A single stretch of the material below is to be transcribed exactly, starting at the line with "Definition boundary (T" and ending after the line with "S != set0 /\".

STORED DATA -
----

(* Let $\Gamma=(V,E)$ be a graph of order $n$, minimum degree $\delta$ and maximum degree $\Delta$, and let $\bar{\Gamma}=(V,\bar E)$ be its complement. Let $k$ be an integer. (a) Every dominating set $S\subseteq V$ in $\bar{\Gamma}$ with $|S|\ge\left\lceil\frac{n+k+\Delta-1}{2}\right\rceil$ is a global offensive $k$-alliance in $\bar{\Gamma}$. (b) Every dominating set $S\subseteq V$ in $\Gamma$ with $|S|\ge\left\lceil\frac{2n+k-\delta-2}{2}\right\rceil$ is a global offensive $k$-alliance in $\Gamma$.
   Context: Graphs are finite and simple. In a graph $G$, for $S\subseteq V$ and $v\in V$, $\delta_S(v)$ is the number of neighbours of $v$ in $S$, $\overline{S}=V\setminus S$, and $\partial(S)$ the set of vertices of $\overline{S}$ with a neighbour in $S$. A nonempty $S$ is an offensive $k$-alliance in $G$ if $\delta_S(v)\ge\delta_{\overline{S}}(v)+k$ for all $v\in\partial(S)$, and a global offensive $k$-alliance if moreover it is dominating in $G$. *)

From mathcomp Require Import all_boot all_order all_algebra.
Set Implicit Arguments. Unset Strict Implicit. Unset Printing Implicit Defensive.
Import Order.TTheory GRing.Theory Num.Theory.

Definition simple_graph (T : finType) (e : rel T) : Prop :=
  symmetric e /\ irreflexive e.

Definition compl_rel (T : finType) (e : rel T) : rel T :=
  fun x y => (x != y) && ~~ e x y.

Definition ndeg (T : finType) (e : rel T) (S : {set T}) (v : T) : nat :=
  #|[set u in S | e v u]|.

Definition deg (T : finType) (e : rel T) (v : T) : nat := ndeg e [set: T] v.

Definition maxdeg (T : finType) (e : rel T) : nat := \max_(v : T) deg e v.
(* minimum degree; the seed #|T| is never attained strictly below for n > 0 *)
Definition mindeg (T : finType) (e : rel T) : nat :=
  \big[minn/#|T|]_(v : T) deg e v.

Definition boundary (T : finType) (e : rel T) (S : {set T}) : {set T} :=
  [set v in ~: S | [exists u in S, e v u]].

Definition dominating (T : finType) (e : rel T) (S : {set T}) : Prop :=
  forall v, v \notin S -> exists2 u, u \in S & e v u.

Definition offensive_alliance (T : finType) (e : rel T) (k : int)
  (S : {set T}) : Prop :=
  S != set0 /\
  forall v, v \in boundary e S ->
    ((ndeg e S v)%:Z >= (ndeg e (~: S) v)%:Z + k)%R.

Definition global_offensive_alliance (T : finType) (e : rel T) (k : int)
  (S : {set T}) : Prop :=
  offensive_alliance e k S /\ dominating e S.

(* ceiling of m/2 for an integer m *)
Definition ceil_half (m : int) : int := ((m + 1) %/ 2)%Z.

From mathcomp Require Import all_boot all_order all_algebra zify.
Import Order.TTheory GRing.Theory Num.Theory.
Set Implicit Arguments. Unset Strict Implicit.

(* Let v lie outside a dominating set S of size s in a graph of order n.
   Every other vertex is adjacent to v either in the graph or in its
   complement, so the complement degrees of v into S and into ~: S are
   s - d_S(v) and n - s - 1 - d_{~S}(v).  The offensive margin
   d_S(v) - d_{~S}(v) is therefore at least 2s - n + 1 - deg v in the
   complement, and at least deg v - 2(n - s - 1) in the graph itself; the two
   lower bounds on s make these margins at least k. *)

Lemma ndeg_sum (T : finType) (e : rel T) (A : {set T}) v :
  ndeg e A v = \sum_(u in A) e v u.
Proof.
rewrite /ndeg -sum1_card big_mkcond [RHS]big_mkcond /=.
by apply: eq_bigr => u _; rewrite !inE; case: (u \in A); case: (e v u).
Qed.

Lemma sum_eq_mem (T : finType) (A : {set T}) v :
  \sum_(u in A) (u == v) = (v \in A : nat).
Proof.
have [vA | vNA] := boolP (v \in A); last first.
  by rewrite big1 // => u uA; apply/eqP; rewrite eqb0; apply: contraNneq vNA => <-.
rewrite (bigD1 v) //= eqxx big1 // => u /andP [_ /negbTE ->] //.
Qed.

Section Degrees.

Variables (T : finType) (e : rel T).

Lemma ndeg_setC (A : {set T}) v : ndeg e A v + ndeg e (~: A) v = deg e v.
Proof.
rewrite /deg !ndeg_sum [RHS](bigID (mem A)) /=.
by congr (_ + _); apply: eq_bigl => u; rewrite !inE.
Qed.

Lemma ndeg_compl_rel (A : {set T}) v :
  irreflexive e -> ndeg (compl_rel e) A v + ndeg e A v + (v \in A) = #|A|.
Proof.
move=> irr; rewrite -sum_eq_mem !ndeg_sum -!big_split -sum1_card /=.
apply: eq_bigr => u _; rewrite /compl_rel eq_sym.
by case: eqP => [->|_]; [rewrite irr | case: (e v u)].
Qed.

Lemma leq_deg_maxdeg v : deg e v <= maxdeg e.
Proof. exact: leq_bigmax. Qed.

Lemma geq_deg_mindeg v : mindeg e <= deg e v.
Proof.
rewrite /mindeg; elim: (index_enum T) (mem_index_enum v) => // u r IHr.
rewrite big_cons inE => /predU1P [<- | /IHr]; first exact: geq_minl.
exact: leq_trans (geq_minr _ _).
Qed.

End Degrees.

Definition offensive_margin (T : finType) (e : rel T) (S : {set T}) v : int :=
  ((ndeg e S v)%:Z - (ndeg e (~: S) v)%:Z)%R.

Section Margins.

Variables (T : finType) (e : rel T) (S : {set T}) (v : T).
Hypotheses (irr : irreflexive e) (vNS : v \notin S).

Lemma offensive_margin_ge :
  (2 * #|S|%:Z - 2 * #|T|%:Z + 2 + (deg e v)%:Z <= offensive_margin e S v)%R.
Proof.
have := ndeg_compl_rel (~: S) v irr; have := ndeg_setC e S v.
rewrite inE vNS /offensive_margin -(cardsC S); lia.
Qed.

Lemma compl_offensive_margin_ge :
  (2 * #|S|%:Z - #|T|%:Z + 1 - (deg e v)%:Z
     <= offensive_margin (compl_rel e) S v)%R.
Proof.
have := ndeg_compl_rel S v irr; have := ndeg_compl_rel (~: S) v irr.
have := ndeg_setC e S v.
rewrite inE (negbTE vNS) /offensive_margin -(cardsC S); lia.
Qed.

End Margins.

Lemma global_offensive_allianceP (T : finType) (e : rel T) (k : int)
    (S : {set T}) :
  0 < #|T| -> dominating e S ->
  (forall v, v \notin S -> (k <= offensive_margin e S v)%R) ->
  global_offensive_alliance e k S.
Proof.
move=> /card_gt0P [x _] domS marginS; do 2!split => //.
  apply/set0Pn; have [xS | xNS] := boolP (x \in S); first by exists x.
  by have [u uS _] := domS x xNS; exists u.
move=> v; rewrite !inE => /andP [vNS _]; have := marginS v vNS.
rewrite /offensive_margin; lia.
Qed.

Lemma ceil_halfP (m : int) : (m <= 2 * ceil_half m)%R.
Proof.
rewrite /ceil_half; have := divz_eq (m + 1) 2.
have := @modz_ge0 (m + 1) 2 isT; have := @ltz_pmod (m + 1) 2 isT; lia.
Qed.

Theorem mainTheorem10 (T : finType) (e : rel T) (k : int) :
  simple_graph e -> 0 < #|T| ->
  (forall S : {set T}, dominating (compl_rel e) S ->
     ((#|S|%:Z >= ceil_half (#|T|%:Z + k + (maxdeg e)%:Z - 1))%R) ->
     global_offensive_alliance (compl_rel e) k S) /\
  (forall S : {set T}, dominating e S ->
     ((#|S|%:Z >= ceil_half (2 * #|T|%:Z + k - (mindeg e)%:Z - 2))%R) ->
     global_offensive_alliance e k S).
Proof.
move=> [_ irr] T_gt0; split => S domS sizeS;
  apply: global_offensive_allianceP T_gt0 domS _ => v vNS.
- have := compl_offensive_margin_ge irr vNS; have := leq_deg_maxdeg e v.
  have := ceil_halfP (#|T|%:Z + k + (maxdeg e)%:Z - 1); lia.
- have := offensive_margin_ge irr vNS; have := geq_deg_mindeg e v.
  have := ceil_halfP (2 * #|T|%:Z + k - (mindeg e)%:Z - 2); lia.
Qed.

----

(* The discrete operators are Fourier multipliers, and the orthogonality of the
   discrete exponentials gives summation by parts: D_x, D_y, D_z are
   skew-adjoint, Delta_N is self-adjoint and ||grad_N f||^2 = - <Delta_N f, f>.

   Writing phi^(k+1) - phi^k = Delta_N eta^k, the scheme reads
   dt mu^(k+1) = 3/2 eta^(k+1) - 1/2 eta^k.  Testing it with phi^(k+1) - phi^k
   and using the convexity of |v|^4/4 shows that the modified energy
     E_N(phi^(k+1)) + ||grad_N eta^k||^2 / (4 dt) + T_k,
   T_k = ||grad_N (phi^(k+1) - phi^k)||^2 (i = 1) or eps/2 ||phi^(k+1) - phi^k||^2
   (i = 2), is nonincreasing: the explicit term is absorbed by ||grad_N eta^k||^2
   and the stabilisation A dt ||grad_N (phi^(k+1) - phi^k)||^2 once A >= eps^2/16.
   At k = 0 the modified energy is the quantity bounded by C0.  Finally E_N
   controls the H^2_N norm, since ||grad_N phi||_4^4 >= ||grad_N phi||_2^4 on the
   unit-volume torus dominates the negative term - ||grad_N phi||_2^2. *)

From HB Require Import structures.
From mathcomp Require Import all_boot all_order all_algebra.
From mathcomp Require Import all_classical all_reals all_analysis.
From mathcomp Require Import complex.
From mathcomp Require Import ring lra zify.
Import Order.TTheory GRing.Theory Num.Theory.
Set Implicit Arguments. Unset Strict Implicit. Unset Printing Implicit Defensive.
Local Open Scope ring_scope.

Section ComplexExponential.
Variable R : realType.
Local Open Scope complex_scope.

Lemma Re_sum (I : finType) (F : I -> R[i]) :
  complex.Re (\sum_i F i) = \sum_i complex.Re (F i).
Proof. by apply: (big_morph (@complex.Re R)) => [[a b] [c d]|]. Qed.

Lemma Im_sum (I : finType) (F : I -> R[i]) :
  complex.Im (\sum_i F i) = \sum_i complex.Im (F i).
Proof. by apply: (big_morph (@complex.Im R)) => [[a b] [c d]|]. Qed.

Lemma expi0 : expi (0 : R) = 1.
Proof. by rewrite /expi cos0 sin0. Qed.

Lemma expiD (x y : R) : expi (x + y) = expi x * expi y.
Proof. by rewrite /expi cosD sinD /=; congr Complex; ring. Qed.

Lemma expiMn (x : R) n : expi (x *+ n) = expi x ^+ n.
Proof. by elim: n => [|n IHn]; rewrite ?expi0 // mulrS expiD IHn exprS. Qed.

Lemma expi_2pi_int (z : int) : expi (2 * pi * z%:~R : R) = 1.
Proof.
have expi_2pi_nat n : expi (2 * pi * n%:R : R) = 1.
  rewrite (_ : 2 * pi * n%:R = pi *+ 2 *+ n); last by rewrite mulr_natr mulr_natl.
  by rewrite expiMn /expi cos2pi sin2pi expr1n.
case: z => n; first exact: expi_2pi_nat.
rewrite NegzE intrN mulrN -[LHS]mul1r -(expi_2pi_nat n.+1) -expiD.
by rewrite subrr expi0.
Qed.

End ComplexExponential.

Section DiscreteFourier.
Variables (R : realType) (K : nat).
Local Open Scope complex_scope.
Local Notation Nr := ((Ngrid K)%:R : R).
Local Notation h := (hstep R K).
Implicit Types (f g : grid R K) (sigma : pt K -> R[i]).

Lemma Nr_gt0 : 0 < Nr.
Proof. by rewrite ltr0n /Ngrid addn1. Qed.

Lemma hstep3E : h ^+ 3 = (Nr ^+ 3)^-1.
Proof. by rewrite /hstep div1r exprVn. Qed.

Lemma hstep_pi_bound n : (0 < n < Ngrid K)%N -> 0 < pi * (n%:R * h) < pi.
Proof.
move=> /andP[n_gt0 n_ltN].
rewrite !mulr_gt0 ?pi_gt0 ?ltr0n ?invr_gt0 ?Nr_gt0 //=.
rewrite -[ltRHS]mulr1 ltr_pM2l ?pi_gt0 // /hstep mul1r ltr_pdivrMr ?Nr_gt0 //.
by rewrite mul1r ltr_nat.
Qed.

----

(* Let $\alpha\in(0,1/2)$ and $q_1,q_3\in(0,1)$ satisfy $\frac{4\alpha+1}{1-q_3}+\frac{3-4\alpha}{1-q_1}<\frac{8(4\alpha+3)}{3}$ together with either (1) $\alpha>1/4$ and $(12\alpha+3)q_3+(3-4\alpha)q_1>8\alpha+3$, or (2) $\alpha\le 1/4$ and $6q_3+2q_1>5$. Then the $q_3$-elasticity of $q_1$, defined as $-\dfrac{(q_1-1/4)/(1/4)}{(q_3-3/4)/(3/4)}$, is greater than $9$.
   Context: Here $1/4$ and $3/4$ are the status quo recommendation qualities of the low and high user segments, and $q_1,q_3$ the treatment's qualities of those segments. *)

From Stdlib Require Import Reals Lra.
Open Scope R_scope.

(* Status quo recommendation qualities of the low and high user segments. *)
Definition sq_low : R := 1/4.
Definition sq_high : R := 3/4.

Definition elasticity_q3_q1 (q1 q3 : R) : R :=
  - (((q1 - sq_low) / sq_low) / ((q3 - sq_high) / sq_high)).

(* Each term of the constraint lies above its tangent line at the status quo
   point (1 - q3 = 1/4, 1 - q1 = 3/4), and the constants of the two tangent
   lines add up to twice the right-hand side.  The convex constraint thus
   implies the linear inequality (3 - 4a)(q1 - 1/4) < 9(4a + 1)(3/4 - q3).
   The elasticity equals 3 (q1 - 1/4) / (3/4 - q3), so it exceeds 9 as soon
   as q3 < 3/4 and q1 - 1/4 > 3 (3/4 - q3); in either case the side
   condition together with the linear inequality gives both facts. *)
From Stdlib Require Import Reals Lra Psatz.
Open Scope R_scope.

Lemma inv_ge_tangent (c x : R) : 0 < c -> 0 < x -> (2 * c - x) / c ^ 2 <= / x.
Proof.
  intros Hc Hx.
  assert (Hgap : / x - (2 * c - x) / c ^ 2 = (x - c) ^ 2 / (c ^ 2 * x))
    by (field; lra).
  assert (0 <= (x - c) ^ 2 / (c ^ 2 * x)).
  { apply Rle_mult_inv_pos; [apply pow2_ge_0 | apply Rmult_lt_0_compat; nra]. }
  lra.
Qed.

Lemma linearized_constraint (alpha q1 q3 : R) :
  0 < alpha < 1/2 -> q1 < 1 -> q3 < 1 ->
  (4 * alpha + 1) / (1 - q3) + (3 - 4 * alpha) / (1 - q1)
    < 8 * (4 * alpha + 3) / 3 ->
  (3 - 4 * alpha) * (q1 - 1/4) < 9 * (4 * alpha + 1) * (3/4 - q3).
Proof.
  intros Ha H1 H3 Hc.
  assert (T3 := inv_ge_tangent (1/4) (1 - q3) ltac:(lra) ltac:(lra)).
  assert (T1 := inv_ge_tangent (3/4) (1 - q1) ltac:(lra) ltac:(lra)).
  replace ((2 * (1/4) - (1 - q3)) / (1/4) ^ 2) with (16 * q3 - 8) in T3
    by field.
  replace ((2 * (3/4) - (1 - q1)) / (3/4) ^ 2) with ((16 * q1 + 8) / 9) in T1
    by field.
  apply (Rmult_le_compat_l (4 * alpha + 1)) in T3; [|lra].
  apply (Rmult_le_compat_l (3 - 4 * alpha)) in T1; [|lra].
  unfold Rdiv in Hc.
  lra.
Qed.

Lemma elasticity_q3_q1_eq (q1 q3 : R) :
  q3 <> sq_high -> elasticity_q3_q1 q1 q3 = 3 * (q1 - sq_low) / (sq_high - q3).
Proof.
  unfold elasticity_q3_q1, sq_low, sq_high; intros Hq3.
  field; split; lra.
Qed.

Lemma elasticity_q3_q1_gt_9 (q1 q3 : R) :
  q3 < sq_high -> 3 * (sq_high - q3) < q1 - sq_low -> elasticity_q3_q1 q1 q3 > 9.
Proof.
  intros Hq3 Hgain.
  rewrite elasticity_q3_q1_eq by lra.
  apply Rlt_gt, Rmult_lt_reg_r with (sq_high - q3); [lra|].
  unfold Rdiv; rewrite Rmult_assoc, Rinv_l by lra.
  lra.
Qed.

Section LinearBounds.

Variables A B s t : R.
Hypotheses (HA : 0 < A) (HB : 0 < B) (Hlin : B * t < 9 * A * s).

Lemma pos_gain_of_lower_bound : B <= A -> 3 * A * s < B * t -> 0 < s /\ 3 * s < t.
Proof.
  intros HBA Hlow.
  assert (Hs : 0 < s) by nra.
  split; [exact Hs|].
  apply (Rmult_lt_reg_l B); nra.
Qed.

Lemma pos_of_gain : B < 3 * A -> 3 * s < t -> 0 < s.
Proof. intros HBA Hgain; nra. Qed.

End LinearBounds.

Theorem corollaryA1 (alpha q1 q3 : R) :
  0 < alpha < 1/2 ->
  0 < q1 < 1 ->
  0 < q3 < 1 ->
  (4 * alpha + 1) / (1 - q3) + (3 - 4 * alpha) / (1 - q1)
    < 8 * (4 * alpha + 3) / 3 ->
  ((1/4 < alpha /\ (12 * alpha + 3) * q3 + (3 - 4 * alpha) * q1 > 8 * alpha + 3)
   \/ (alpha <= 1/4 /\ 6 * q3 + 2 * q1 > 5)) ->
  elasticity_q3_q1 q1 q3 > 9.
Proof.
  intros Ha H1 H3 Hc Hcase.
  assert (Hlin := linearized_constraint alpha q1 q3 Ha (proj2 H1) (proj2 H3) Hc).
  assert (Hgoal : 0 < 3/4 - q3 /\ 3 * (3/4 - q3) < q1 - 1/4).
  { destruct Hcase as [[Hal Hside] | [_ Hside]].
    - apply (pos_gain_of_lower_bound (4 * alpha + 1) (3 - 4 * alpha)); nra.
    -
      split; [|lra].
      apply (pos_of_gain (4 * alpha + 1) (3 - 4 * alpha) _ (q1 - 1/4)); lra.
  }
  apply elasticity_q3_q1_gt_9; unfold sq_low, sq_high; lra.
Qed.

----

REPLY TO THE EXERCISE -
Definition boundary (T : finType) (e : rel T) (S : {set T}) : {set T} :=
  [set v in ~: S | [exists u in S, e v u]].

Definition dominating (T : finType) (e : rel T) (S : {set T}) : Prop :=
  forall v, v \notin S -> exists2 u, u \in S & e v u.

Definition offensive_alliance (T : finType) (e : rel T) (k : int)
  (S : {set T}) : Prop :=
  S != set0 /\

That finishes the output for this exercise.